Protecting is not protectionist

Having a level playing field should not be among the issues facing our industries.

Having a level playing field should not be among the issues facing our industries.

IT IS always disappointing when a vital discussion on the future of manufacturing descends into predictable knee-jerk name-calling of those who want to see the sector grow and continue to be a vibrant contributor to Australia's economy as "protectionists".

In the very early stages of what promises to be a long debate about the role of manufacturing in a balanced, diversified economy, we are already witnessing this name-calling as key opinion leaders including both the government and opposition wrestle with what is a complex problem.

We are living in a boom and gloom economy. Resource prices may be up, but for big employing sectors of our economy such as manufacturing, tourism, education and retail, the reality is shaped much more by the high dollar, constraining interest rates, and weak consumer confidence in the face of lower superannuation balances, falling real house prices, global economic volatility and domestic political uncertainties.

We have enormous policy challenges to address to boost our productivity in order to sustain the competitiveness of broad sections of the Australian economy. These include skills and training, innovation, infrastructure, industrial relations, trade policy including appropriate defences against dumping as well as procurement for major public and private sector projects.

Australian industry, whether located in Bendigo, Ipswich, Whyalla or Wollongong, understands it operates in a global environment and needs to be globally competitive. That it needs to be competitive not just with domestic counterparts but against global benchmarks should be no surprise as it was a key finding of two Australian Industry Group reports, Make or Break in 1997, and its follow-up, Manufacturing Futures, in 2006.

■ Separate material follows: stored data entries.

Lemma incr_locate x : p 0%nat <= x < p k ->
  exists j, (j < k)%nat /\ (x = p j \/ p j < x < p (S j)).
Proof.
  clear -Hincr; induction k as [|n IH]; intros Hx; [lra|].
  destruct (Rlt_le_dec x (p n)) as [Hlt|Hge].
  - destruct IH as [j [Hj Hjx]]; [intros; apply Hincr; lia|lra|].
    exists j; split; [lia|exact Hjx].
  - exists n; split; [lia|].
    destruct (Req_dec x (p n)); [left|right]; lra.
Qed.

End IncreasingBreakpoints.

Record iet_below (k : nat) (L : R) (p c : nat -> R) (s : nat -> bool) (f : R -> R) : Prop := {
  ib_L_le_1 : L <= 1;
  ib_start : p 0%nat = 0;
  ib_end : p k = L;
  ib_incr : forall j, (j < k)%nat -> p j < p (S j);
  ib_piece : forall j, (j < k)%nat -> forall x, p j < x < p (S j) ->
    f x = (if s j then x else - x) + c j;
  ib_id_above : exists l, forall x, L < x < 1 -> ~ In x l -> f x = x;
  ib_bij : bijective_on_X f }.

Arguments ib_L_le_1 {k L p c s f}.
Arguments ib_start {k L p c s f}.
Arguments ib_end {k L p c s f}.
Arguments ib_incr {k L p c s f}.
Arguments ib_piece {k L p c s f}.
Arguments ib_id_above {k L p c s f}.
Arguments ib_bij {k L p c s f}.

Definition image_end (p c : nat -> R) (s : nat -> bool) (j : nat) : R :=
  if s j then p (S j) + c j else c j - p j.

Section TopPiece.
Context {k : nat} {L : R} {p c : nat -> R} {s : nat -> bool} {f : R -> R}.
Hypothesis G : iet_below k L p c s f.

Lemma piece_in_prefix j : (j < k)%nat -> 0 <= p j /\ p (S j) <= L.
Proof.
  intros Hj; rewrite <- (ib_start G), <- (ib_end G).
  split; apply (incr_le (ib_incr G)); lia.
Qed.

Lemma piece_image_lt j x : (j < k)%nat -> p j < x < p (S j) -> f x < image_end p c s j.
Proof.
  intros Hj Hx; rewrite (ib_piece G j Hj x Hx); unfold image_end.
  destruct (s j); lra.
Qed.

Lemma piece_image_onto j y : (j < k)%nat ->
  image_end p c s j - (p (S j) - p j) < y < image_end p c s j ->
  exists x, p j < x < p (S j) /\ f x = y.
Proof.
  intros Hj Hy; unfold image_end in Hy; destruct (s j) eqn:Hs.
  - assert (Hx : p j < y - c j < p (S j)) by lra.
    exists (y - c j); split; [exact Hx|].
    rewrite (ib_piece G j Hj _ Hx), Hs; ring.
  - assert (Hx : p j < c j - y < p (S j)) by lra.
    exists (c j - y); split; [exact Hx|].
    rewrite (ib_piece G j Hj _ Hx), Hs; ring.
Qed.

(* A point of ]L, image_end j[ close to image_end j would be the image of a
   point of the piece and, outside finitely many exceptions, fixed by f. *)
Lemma image_end_le_L j : (j < k)%nat -> image_end p c s j <= L.
Proof.
  intros Hj; destruct (Rle_lt_dec (image_end p c s j) L) as [|Hgt]; [assumption|exfalso].
  destruct (piece_in_prefix j Hj) as [Hpj HpSj].
  destruct (ib_id_above G) as [l Hl].
  destruct (ib_bij G) as (Hmaps & Hinj & _).
  set (r := image_end p c s j) in *.
  set (u := Rmax L (r - (p (S j) - p j))).
  assert (Hu : L <= u /\ r - (p (S j) - p j) <= u) by (split; [apply Rmax_l|apply Rmax_r]).
  destruct (exists_between_notin l u r) as [y [Hy Hyl]].
  { apply Rmax_lub_lt; [lra|pose proof (ib_incr G j Hj); lra]. }
  destruct (piece_image_onto j y Hj) as [x [Hx Hfx]]; [fold r; lra|].
  assert (HxX : inX x) by (pose proof (ib_L_le_1 G); unfold inX; lra).
  assert (HyX : inX y) by (rewrite <- Hfx; apply Hmaps, HxX).
  assert (Hfy : f y = y) by (apply Hl; [unfold inX in HyX; lra|exact Hyl]).
  assert (x = y) by (apply Hinj; [exact HxX|exact HyX|congruence]).
  lra.
Qed.

Lemma exists_top_piece : (0 < k)%nat -> exists i, (i < k)%nat /\ image_end p c s i = L.
Proof.
  intros Hk; apply NNPP; intros Hnone.
  set (ends := map (image_end p c s) (seq 0 k)).
  assert (Hends : forall j, (j < k)%nat -> image_end p c s j <= MaxRlist ends).
  { intros j Hj; apply MaxRlist_P1, in_map, in_seq; lia. }
  assert (HM : MaxRlist ends < L).
  { destruct (in_map_iff (image_end p c s) (seq 0 k) (MaxRlist ends)) as [[j [Hj Hjk]] _].
    { apply MaxRlist_P2; exists (image_end p c s 0); apply in_map, in_seq; lia. }
    apply in_seq in Hjk; rewrite <- Hj.
    destruct (Rle_lt_or_eq_dec _ _ (image_end_le_L j ltac:(lia))) as [|Heq]; [assumption|].
    exfalso; apply Hnone; exists j; split; [lia|exact Heq]. }
  assert (HL : 0 < L) by (rewrite <- (ib_start G), <- (ib_end G); apply (incr_lt (ib_incr G)); lia).
  destruct (ib_id_above G) as [l Hl].
  destruct (ib_bij G) as (_ & _ & Hsurj).
  assert (Hmax := Rmax_l (MaxRlist ends) 0); assert (Hmax0 := Rmax_r (MaxRlist ends) 0).
  destruct (exists_between_notin (map f (L :: l ++ map p (seq 0 k))) (Rmax (MaxRlist ends) 0) L)
    as [y [Hy Hyf]]; [apply Rmax_lub_lt; lra|].
  destruct (Hsurj y) as [x [Hx Hfx]]; [pose proof (ib_L_le_1 G); unfold inX; lra|].
  apply Hyf; rewrite <- Hfx; apply in_map.
  destruct (Rlt_le_dec x L) as [HxL|HLx].
  - destruct (incr_locate (ib_incr G) x) as [j [Hj [->|Hxj]]];
      [rewrite (ib_start G), (ib_end G); unfold inX in Hx; lra| |].
    + right; apply in_or_app; right; apply in_map, in_seq; lia.
    + pose proof (piece_image_lt j x Hj Hxj); pose proof (Hends j Hj); lra.
  - destruct (Req_dec x L) as [->|HneL]; [left; reflexivity|right; apply in_or_app; left].
    apply NNPP; intros Hxl; unfold inX in Hx.
    rewrite (Hl x) in Hfx by (assumption || lra); lra.
Qed.

End TopPiece.

Definition rotation_word (a b L : R) (t : bool) : list (R * R) :=
  (if t then (a, b) :: nil else nil) ++ (b, L) :: (a, L) :: nil.

Section Rotation.
Variables (a b L : R) (t : bool).
Hypothesis Hab : a < b.
Hypothesis HbL : b <= L.

Lemma rotation_below y : y <= a -> flip_word (rotation_word a b L t) y = y.
Proof. intros; destruct t; simpl; destruct_flips; lra. Qed.

Lemma rotation_above y : L <= y -> flip_word (rotation_word a b L t) y = y.
Proof. intros; destruct t; simpl; destruct_flips; lra. Qed.

Lemma rotation_shift y : a < y < L - (b - a) ->
  flip_word (rotation_word a b L t) y = y + (b - a).
Proof. intros; destruct t; simpl; destruct_flips; lra. Qed.

Lemma rotation_top y : L - (b - a) < y < L ->
  flip_word (rotation_word a b L t) y = if t then y - L + b else a + L - y.
Proof. intros; destruct t; simpl; destruct_flips; lra. Qed.

End Rotation.

Lemma rotation_word_weak a b L t : 0 <= a <= b -> b <= L <= 1 ->
  Forall weak_flip_interval (rotation_word a b L t).
Proof.
  intros; unfold rotation_word, weak_flip_interval.
  destruct t; simpl; repeat (apply Forall_cons; [simpl; lra|]); apply Forall_nil.
Qed.

Section RemoveTopPiece.
Context {k : nat} {L : R} {p c : nat -> R} {s : nat -> bool} {f : R -> R} {i : nat}.
Hypothesis G : iet_below (S k) L p c s f.
Hypothesis Hi : (i < S k)%nat.
Hypothesis Htop : image_end p c s i = L.

Let a := p i.
Let b := p (S i).
Let rot := flip_word (rotation_word a b L (s i)).
Let p' (j : nat) : R := if le_lt_dec j i then p j else p (S j) - (b - a).
Let c' (j : nat) : R := if lt_dec j i then c j else c (S j) + (if s (S j) then b - a else a - b).
Let s' (j : nat) : bool := if lt_dec j i then s j else s (S j).

Lemma ab_in_prefix : 0 <= a < b /\ b <= L.
Proof. pose proof (piece_in_prefix G i Hi); pose proof (ib_incr G i Hi); unfold a, b; lra. Qed.

Lemma rotated_breakpoint_low j : (j <= i)%nat -> p' j = p j.
Proof. intros; unfold p'; destruct (le_lt_dec j i); [reflexivity|lia]. Qed.

Lemma rotated_breakpoint_high j : (i <= j)%nat -> p' j = p (S j) - (b - a).
Proof.
  intros; unfold p'; destruct (le_lt_dec j i); [|reflexivity].
  replace j with i by lia; unfold a, b; ring.
Qed.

The tariff debate has been had and is over. However, the debate about whether Australian industry has the right to compete on fair terms with foreign competition is not over and certainly should not be. This issue has come to the fore in recent times in relation to the access Australian companies have to procurement for major public and private contracts.

Let's be clear. We are not proposing mandated levels of Australian content. We are not proposing to compel contractors to use Australian materials. We are not arguing for implicit quotas. Rather, we are advocating a principled approach which includes a number of sensible steps to ensure that Australian companies get a fair go.

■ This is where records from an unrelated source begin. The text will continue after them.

(* $\mathcal{G}\subseteq\mathcal{F}$; that is, every function in $\mathcal{G}$ is strictly definable in the simply typed $\lambda$-calculus with $\beta\eta$-conversion.
   Context: We work in the simply typed $\lambda$-calculus (type assignment to untyped $\lambda$-terms) with a single base type $o$. For a type $\tau$, $\omega_\tau=(\tau\to\tau)\to\tau\to\tau$. The Church numeral of $n$ is $\rho(n)=\lambda f x.f^{n}x$. A function $f:\mathbb{N}^k\to\mathbb{N}$ is strictly definable if there exist a type $\tau$ and a term $E$ with $\vdash E:\omega_\tau\to\cdots\to\omega_\tau\to\omega_\tau$ ($k$ arguments) such that $E\,\rho(n_1)\cdots\rho(n_k)=_{\beta\eta}\rho(f(n_1,\dots,n_k))$ for all $n_1,\dots,n_k\in\mathbb{N}$. $\mathcal{F}$ denotes the class of all strictly definable functions. Extended polynomials: the smallest class of functions over $\mathbb{N}$ containing the constants $0$ and $1$, projections, addition, multiplication and $\mathrm{ifzero}(n,m,p)=(\text{if } n=0 \text{ then } m \text{ else } p)$, closed under composition. $\mathcal{G}$ is the smallest class of functions over $\mathbb{N}$ that is closed under composition and contains: all extended polynomials; for every $l\geq 2$ the function $f_1^{l}(m,n_1,\dots,n_l)=n_i$ where $i=(m\bmod l)+1$; and for every $l\geq 1$ the function $f_2^{l}(m,n_1,n_2)=(\text{if } m\leq l \text{ then } n_1 \text{ else } n_2)$. *)

From Stdlib Require Import Relation_Operators.
From mathcomp Require Import all_boot.

Set Implicit Arguments.
Unset Strict Implicit.
Unset Printing Implicit Defensive.

Inductive ty : Type := TO | Arr of ty & ty.

Definition omega (t : ty) : ty := Arr (Arr t t) (Arr t t).

Definition arrows (k : nat) (A B : ty) : ty := iter k (Arr A) B.

Inductive tm : Type := Var of nat | App of tm & tm | Lam of tm.

Fixpoint lift (c : nat) (t : tm) : tm :=
  match t with
  | Var n => if c <= n then Var n.+1 else Var n
  | App a b => App (lift c a) (lift c b)
  | Lam a => Lam (lift c.+1 a)
  end.

Fixpoint subst (j : nat) (s : tm) (t : tm) : tm :=
  match t with
  | Var n => if n == j then s else if j < n then Var n.-1 else Var n
  | App a b => App (subst j s a) (subst j s b)
  | Lam a => Lam (subst j.+1 (lift 0 s) a)
  end.

Inductive step : tm -> tm -> Prop :=
  | step_beta t s : step (App (Lam t) s) (subst 0 s t)
  | step_eta t : step (Lam (App (lift 0 t) (Var 0))) t
  | step_appl a a' b : step a a' -> step (App a b) (App a' b)
  | step_appr a b b' : step b b' -> step (App a b) (App a b')
  | step_lam a a' : step a a' -> step (Lam a) (Lam a').

Definition beta_eta_eq : tm -> tm -> Prop := clos_refl_sym_trans tm step.

Fixpoint lookup (G : seq ty) (n : nat) : option ty :=
  match G, n with
  | [::], _ => None
  | A :: _, 0 => Some A
  | _ :: G', m.+1 => lookup G' m
  end.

In our view, five key principles should be embodied in Australia's procurement approach:

Long-term value for money, not just the short-term price on offer.

Procurement processes that are clear and transparent, as well as open to review to ensure ongoing improvement.

Full and fair access to supply opportunities for local suppliers (who should not be subject to disadvantages including in relation to unevenly applied standards conformity criteria).

The publication by purchasers of

the extent of participation by local suppliers.

The co-ordination and staging of major contracts to allow for economies of scale and aggregation by suppliers.

If locally based companies cannot compete on these grounds with overseas bidders, so be it. However, industry is seeing time after time examples of non-conforming goods and products being used on major projects in the interest of short-term savings and at the expense of Australian industries that are required to conform to more stringent and costly standards.

Doors on projects that don't fit. Electrical switches that don't conform. Pipes that crack. Road guards that do not comply with Australian standards. The list is a long one. To suggest doors should fit, switches should work, pipes shouldn't crack and road guards be built to appropriate standards is not protectionist. It is common sense.

We understand that this is not a one-sided argument. There will be cases where local companies won't be able to meet the vast scale of some projects, such as the example of immediately supplying hundreds of kilometres of pipe. Even so, if project managers had Australian suppliers at the forefront of their thinking they might develop solutions such as breaking tenders into smaller pieces.

Australia needs a real debate about how best to deal with both the opportunities and the challenges of the minerals boom. We need also to have a real debate about the sort of economy we want to see on the other side of the boom. Other countries such as Canada, Brazil, South Africa and the UK are having this debate, as should we.